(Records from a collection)
(* Let $k\ge 2$ and let $\mathbb{R}^+=H_1\sqcup\cdots\sqcup H_k$ be a partition of the positive reals into pairwise disjoint nonempty subsets, each closed under addition and multiplication. Then at least one of the sets $H_i$ is not Lebesgue measurable. *)

From HB Require Import structures.
From mathcomp Require Import all_boot all_order all_algebra.
From mathcomp Require Import all_classical all_reals all_analysis.
Set Implicit Arguments. Unset Strict Implicit. Unset Printing Implicit Defensive.
Import Order.TTheory GRing.Theory Num.Theory.
Local Open Scope classical_set_scope.
Local Open Scope ring_scope.

(* A ⊆ ℝ is Lebesgue measurable iff it is Carathéodory-measurable for the
   Lebesgue outer measure (the outer measure induced by interval length);
   this is the domain of the library's completed_lebesgue_measure. *)
Definition lebesgue_measurable {R : realType} (A : set R) : Prop :=
  ((@wlength R idfun)^*%mu).-cara.-measurable A.

From HB Require Import structures.
From mathcomp Require Import all_boot all_order all_algebra.
From mathcomp Require Import all_classical all_reals all_analysis.
From mathcomp Require Import measurable_realfun lebesgue_integral_differentiation lra.
Set Implicit Arguments. Unset Strict Implicit. Unset Printing Implicit Defensive.
Import Order.TTheory GRing.Theory Num.Theory.
Import numFieldNormedType.Exports.
Local Open Scope classical_set_scope.
Local Open Scope ring_scope.

(* Suppose every H_i is measurable. As the H_i cover ]0, +oo[, some H_i has
   positive measure, so by Steinhaus' theorem H_i + H_i, and hence H_i itself,
   contains an interval ]a, b[ with 0 <= a. Let y lie in another class H_j.
   For every n, y / n is again in H_j, because the class of y / n contains its
   n-fold sum y. So H_j contains some z < b - a, and with it every positive
   multiple of z; one of these falls into ]a, b[, a contradiction. *)

Section steinhaus.
Context {R : realType}.
Local Notation mu := (@lebesgue_measure R).

Lemma measurable_reflect (t : R) : measurable_fun [set: R] (fun y => t - y).
Proof. by apply: measurable_funB => //; exact: measurable_cst. Qed.

Lemma lebesgue_measure_reflect (t : R) (A : set R) : measurable A ->
  mu ((fun y => t - y) @^-1` A) = mu A.
Proof.
(* [mf] lets [pushforward mu _] be inferred to be a measure. *)
move=> mA; have mf := measurable_reflect t.
change (pushforward mu ((fun y => t - y) : _ -> measurableTypeR R) A = mu A).
apply/esym/lebesgue_measure_unique => //= _ [[a b]] _ <-.
rewrite /pushforward /=.
have -> : (fun y : R => t - y) @^-1` `]a, b] = `[t - b, t - a[%classic.
  by apply/seteqP; split => y /=; rewrite !in_itv /= => /andP[? ?];
    apply/andP; split; lra.
rewrite !lebesgue_measure_itv /= !lte_fin.
have -> : (t - b < t - a) = (a < b) by apply/idP/idP => ?; lra.
by case: ifP => // _; congr (_%:E); lra.
Qed.

Lemma ballRE (x r y : R) : ball x r y = (x - r < y < x + r).
Proof. by rewrite /ball /= ltr_distlC. Qed.

(* [3/2 r] is three quarters of the measure of [ball x r]. *)
Lemma lebesgue_density_point (X : set R) : measurable X -> (0 < mu X)%E ->
  exists x r, 0 < r /\ ((3/2 * r)%:E < mu (X `&` ball x r))%E.
Proof.
move=> mX mX0.
have [x [Xx]] : exists x, X x /\
    ((mu (X `&` ball x r) / mu (ball x r))%E @[r --> 0^'+] --> (\1_X x)%:E).
  apply: contrapT => nodensity.
  have : mu.-negligible X.
    apply: negligibleS (lebesgue_density mX) => y Xy dy.
    by apply: nodensity; exists y.
  by move/(negligibleP mu mX) => X0; rewrite X0 ltxx in mX0.
rewrite indicE (mem_set Xx) => /fine_cvgP[finite_ratio cvg_ratio].
have /(cvgr_gt _ cvg_ratio) ratio_gt : (3/4 : R) < true%:R by rewrite /=; lra.
have : \forall r \near 0^'+, 0 < r /\
    (mu (X `&` ball x r) / mu (ball x r))%E \is a fin_num /\
    3/4 < fine (mu (X `&` ball x r) / mu (ball x r))%E.
  near=> r; split; [near: r; exact: nbhs_right_gt|split].
  - by near: r; exact: finite_ratio.
  - by near: r; exact: ratio_gt.
move=> /filter_ex[r [r0 ratio]]; exists x, r; split => //; move: ratio.
rewrite lebesgue_measure_ball ?ltW // inver (negbTE (lt0r_neq0 _)); last first.
  by rewrite mulr2n; lra.
have muS_ge0 : (0 <= mu (X `&` ball x r))%E := measure_ge0 mu _.
case muS : (mu (X `&` ball x r)) => [s| |] [_] //.
- by rewrite lte_fin ltr_pdivlMr ?(mulr2n r) => *; lra.
- by rewrite ltry.
- by rewrite muS in muS_ge0.
Unshelve. all: by end_near.
Qed.

(* [X `&` ball x r] and its reflection [t - _] both have measure above [3/2 r]
   and lie in [ball x (3/2 r)], of measure [3 r]; hence they meet. *)
Lemma ball_reflect_meet (X : set R) (x r t : R) : measurable X -> 0 < r ->
  ((3/2 * r)%:E < mu (X `&` ball x r))%E ->
  x * 2 - r / 2 < t < x * 2 + r / 2 -> exists2 u, X u & X (t - u).
Proof.
move=> mX r0 muS tx; apply: contrapT => nomeet.
pose S := X `&` ball x r; pose S' := (fun y => t - y) @^-1` S.
have mS : measurable S by apply: measurableI => //; exact: measurable_ball.
have mS' : measurable S'.
  by rewrite -[S']setTI; exact: measurable_reflect.
have disjSS' : S `&` S' = set0.
  by apply/seteqP; split => // y [[Xy _] [Xty _]]; apply: nomeet; exists y.
have SS'_ball : S `|` S' `<=` ball x (r + r / 2).
  move=> y; rewrite /S' /S /= !ballRE.
  by case=> -[_ /andP[? ?]]; apply/andP; split; lra.
have muSS' : mu (S `|` S') = (mu S + mu S)%E.
  by rewrite -{2}(lebesgue_measure_reflect t mS); exact: measureU.
have : (mu (S `|` S') <= mu (ball x (r + r / 2)))%E.
  by apply: le_measure => //; rewrite inE;
    [exact: measurableU|exact: measurable_ball].
rewrite muSS' lebesgue_measure_ball; last lra.
move: muS; rewrite -/S.
case: (mu S) (measure_ge0 mu S) => [s| |] //= _.
by rewrite lte_fin -EFinD lee_fin -mulr_natr => *; lra.
Qed.

Lemma steinhaus (X : set R) : measurable X -> (0 < mu X)%E ->
  exists a b, a < b /\ forall t, a < t < b -> exists2 u, X u & X (t - u).
Proof.
move=> mX mX0; have [x [r [r0 muS]]] := lebesgue_density_point mX mX0.
exists (x * 2 - r / 2), (x * 2 + r / 2); split; first lra.
by move=> t; exact: ball_reflect_meet.
Qed.

Lemma lebesgue_measurable_inner (A : set R) :
  lebesgue_measurable A -> ~ mu.-negligible A ->
  exists2 X, measurable X & X `<=` A /\ (0 < mu X)%E.
Proof.
rewrite /lebesgue_measurable -completed_caratheodory_measurable.
rewrite g_sigma_completed_algebra_genE => -[X mX [N negN XNA]] nonneg.
exists X => //; split; first by rewrite -XNA; exact: subsetUl.
rewrite lt0e measure_ge0 andbT; apply/eqP => X0; apply: nonneg.
by rewrite -XNA; apply: negligibleU => //; exact/negligibleP.
Qed.

Lemma addr_closed_itv (A : set R) :
  (forall x y, A x -> A y -> A (x + y)) -> A `<=` [set x | 0 < x] ->
  lebesgue_measurable A -> ~ mu.-negligible A ->
  exists a b, 0 <= a < b /\ forall t, a < t < b -> A t.
Proof.
move=> addA Apos mA negA.
have [X mX [XA X0]] := lebesgue_measurable_inner mA negA.
have [a [b [ab XX]]] := steinhaus mX X0.
have Aab t : a < t < b -> A t.
  move=> /XX[u Xu Xtu]; rewrite -(subrK u t) addrC.
  by apply: addA; apply: XA.
have mid_pos : 0 < (a + b) / 2 by apply: Apos; apply: Aab; apply/andP; lra.
exists ((a + b) / 2), b; split; first by apply/andP; lra.
by move=> t /andP[? ?]; apply: Aab; apply/andP; lra.
Qed.

End steinhaus.

Lemma mulrn_in_itv {R : archiFieldType} (a b z : R) :
  0 <= a -> 0 < z -> z < b - a -> exists n, a < z *+ n.+1 < b.
Proof.
move=> a0 z0 zab; exists (Num.truncn (a / z)).
have /andP[] := truncn_itv (divr_ge0 a0 (ltW z0)).
rewrite ler_pdivlMr // ltr_pdivrMr // -mulr_natl mulrSr mulrDl mul1r => *.
by apply/andP; split; lra.
Qed.

Section additive_partition.
Context {R : realType} {k : nat} (H : 'I_k -> set R).
Hypothesis H_disj : forall i j, i != j -> H i `&` H j = set0.
Hypothesis H_cover : \bigcup_(i in setT) H i = [set x : R | 0 < x].
Hypothesis H_add : forall i x y, H i x -> H i y -> H i (x + y).

Lemma class_gt0 i x : H i x -> 0 < x.
Proof.
move=> Hx; have : (\bigcup_(j in setT) H j) x by exists i.
by rewrite H_cover.
Qed.

Lemma class_exists x : 0 < x -> exists i, H i x.
Proof.
move=> x0; have : [set x : R | 0 < x] x by [].
by rewrite -H_cover => -[i _ Hix]; exists i.
Qed.

Lemma class_uniq i j x : H i x -> H j x -> i = j.
Proof.
move=> Hix Hjx; case: (eqVneq i j) => // ij.
by have : (H i `&` H j) x by []; rewrite H_disj.
Qed.

Lemma class_mulrn i x n : H i x -> H i (x *+ n.+1).
Proof.
move=> Hx; elim: n => [|n IHn]; first by rewrite mulr1n.
by rewrite mulrS; apply: H_add.
Qed.

Lemma class_divn i y n : H i y -> H i (y / n.+1%:R).
Proof.
move=> Hy; have [j Hj] := class_exists (divr_gt0 (class_gt0 Hy) (ltr0Sn R n)).
have := class_mulrn n Hj.
rewrite -[(y / _) *+ _]mulr_natr divfK ?pnatr_eq0 // => Hjy.
by rewrite (class_uniq Hjy Hy) in Hj.
Qed.

Lemma class_itv_uniq i j a b : 0 <= a < b -> (forall t, a < t < b -> H i t) ->
  H j !=set0 -> j = i.
Proof.
move=> /andP[a0 ab] Hab [y Hy].
have ba0 : 0 < b - a by rewrite subr_gt0.
have [n small] : exists n, y / n.+1%:R < b - a.
  exists (Num.truncn (y / (b - a))).
  rewrite ltr_pdivrMr // mulrC -ltr_pdivrMr //.
  by have /andP[] := truncn_itv (divr_ge0 (ltW (class_gt0 Hy)) (ltW ba0)).
have yn_gt0 : 0 < y / n.+1%:R := divr_gt0 (class_gt0 Hy) (ltr0Sn R n).
have [m /Hab Hi] := mulrn_in_itv a0 yn_gt0 small.
exact: class_uniq (class_mulrn m (class_divn n Hy)) Hi.
Qed.

Lemma class_not_negligible : exists i, ~ (@lebesgue_measure R).-negligible (H i).
Proof.
apply/existsNP => negH.
pose F n : set R := if insub n is Some i then H i else set0.
have negF : (@lebesgue_measure R).-negligible (\bigcup_n F n).
  apply: negligible_bigcup => n; rewrite /F; case: insub => [i|] //.
  exact: negligible_set0.
have ball_F : ball (1 : R) 1 `<=` \bigcup_n F n.
  move=> y; rewrite ballRE => /andP[y0 _].
  have [i Hy] : exists i, H i y by apply: class_exists; lra.
  by exists (val i) => //; rewrite /F valK.
have := @negligibleS _ (measurableTypeR R) R lebesgue_measure _ _ ball_F negF.
move=> /(negligibleP lebesgue_measure (measurable_ball (1 : R) 1)).
move=> /(etrans (esym (lebesgue_measure_ball 1 ler01)))/eqP.
by rewrite eqe pnatr_eq0.
Qed.

End additive_partition.

Theorem theorem3p3 (R : realType) (k : nat) (H : 'I_k -> set R) :
  (2 <= k)%N ->
  (forall i, H i !=set0) ->
  (forall i j, i != j -> H i `&` H j = set0) ->
  \bigcup_(i in setT) H i = [set x : R | 0 < x] ->
  (forall i x y, H i x -> H i y -> H i (x + y)) ->
  (forall i x y, H i x -> H i y -> H i (x * y)) ->
  exists i, ~ lebesgue_measurable (H i).
Proof.
move=> k2 H_neq0 H_disj H_cover H_add _; apply/existsNP => H_meas.
have [i negHi] := class_not_negligible H_cover.
have [a [b [ab Hab]]] := addr_closed_itv (H_add i) (class_gt0 H_cover (i := i))
  (H_meas i) negHi.
have [j ji] : exists j : 'I_k, j != i.
  have k0 : (0 < k)%N by apply: leq_trans k2.
  case: (eqVneq i (Ordinal k0)) => [->|]; last by exists (Ordinal k0); rewrite eq_sym.
  by exists (Ordinal k2).
by move: ji; rewrite (class_itv_uniq H_disj H_cover H_add ab Hab (H_neq0 j)) eqxx.
Qed.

What the task asks – Among the records above, repeat exactly the line with "have -> : (fun", the line with "by apply: nodensity; exists y.", and every line in between, and only those.

Exercise solution –
have -> : (fun y : R => t - y) @^-1` `]a, b] = `[t - b, t - a[%classic.
  by apply/seteqP; split => y /=; rewrite !in_itv /= => /andP[? ?];
    apply/andP; split; lra.
rewrite !lebesgue_measure_itv /= !lte_fin.
have -> : (t - b < t - a) = (a < b) by apply/idP/idP => ?; lra.
by case: ifP => // _; congr (_%:E); lra.
Qed.

Lemma ballRE (x r y : R) : ball x r y = (x - r < y < x + r).
Proof. by rewrite /ball /= ltr_distlC. Qed.

(* [3/2 r] is three quarters of the measure of [ball x r]. *)
Lemma lebesgue_density_point (X : set R) : measurable X -> (0 < mu X)%E ->
  exists x r, 0 < r /\ ((3/2 * r)%:E < mu (X `&` ball x r))%E.
Proof.
move=> mX mX0.
have [x [Xx]] : exists x, X x /\
    ((mu (X `&` ball x r) / mu (ball x r))%E @[r --> 0^'+] --> (\1_X x)%:E).
  apply: contrapT => nodensity.
  have : mu.-negligible X.
    apply: negligibleS (lebesgue_density mX) => y Xy dy.
    by apply: nodensity; exists y.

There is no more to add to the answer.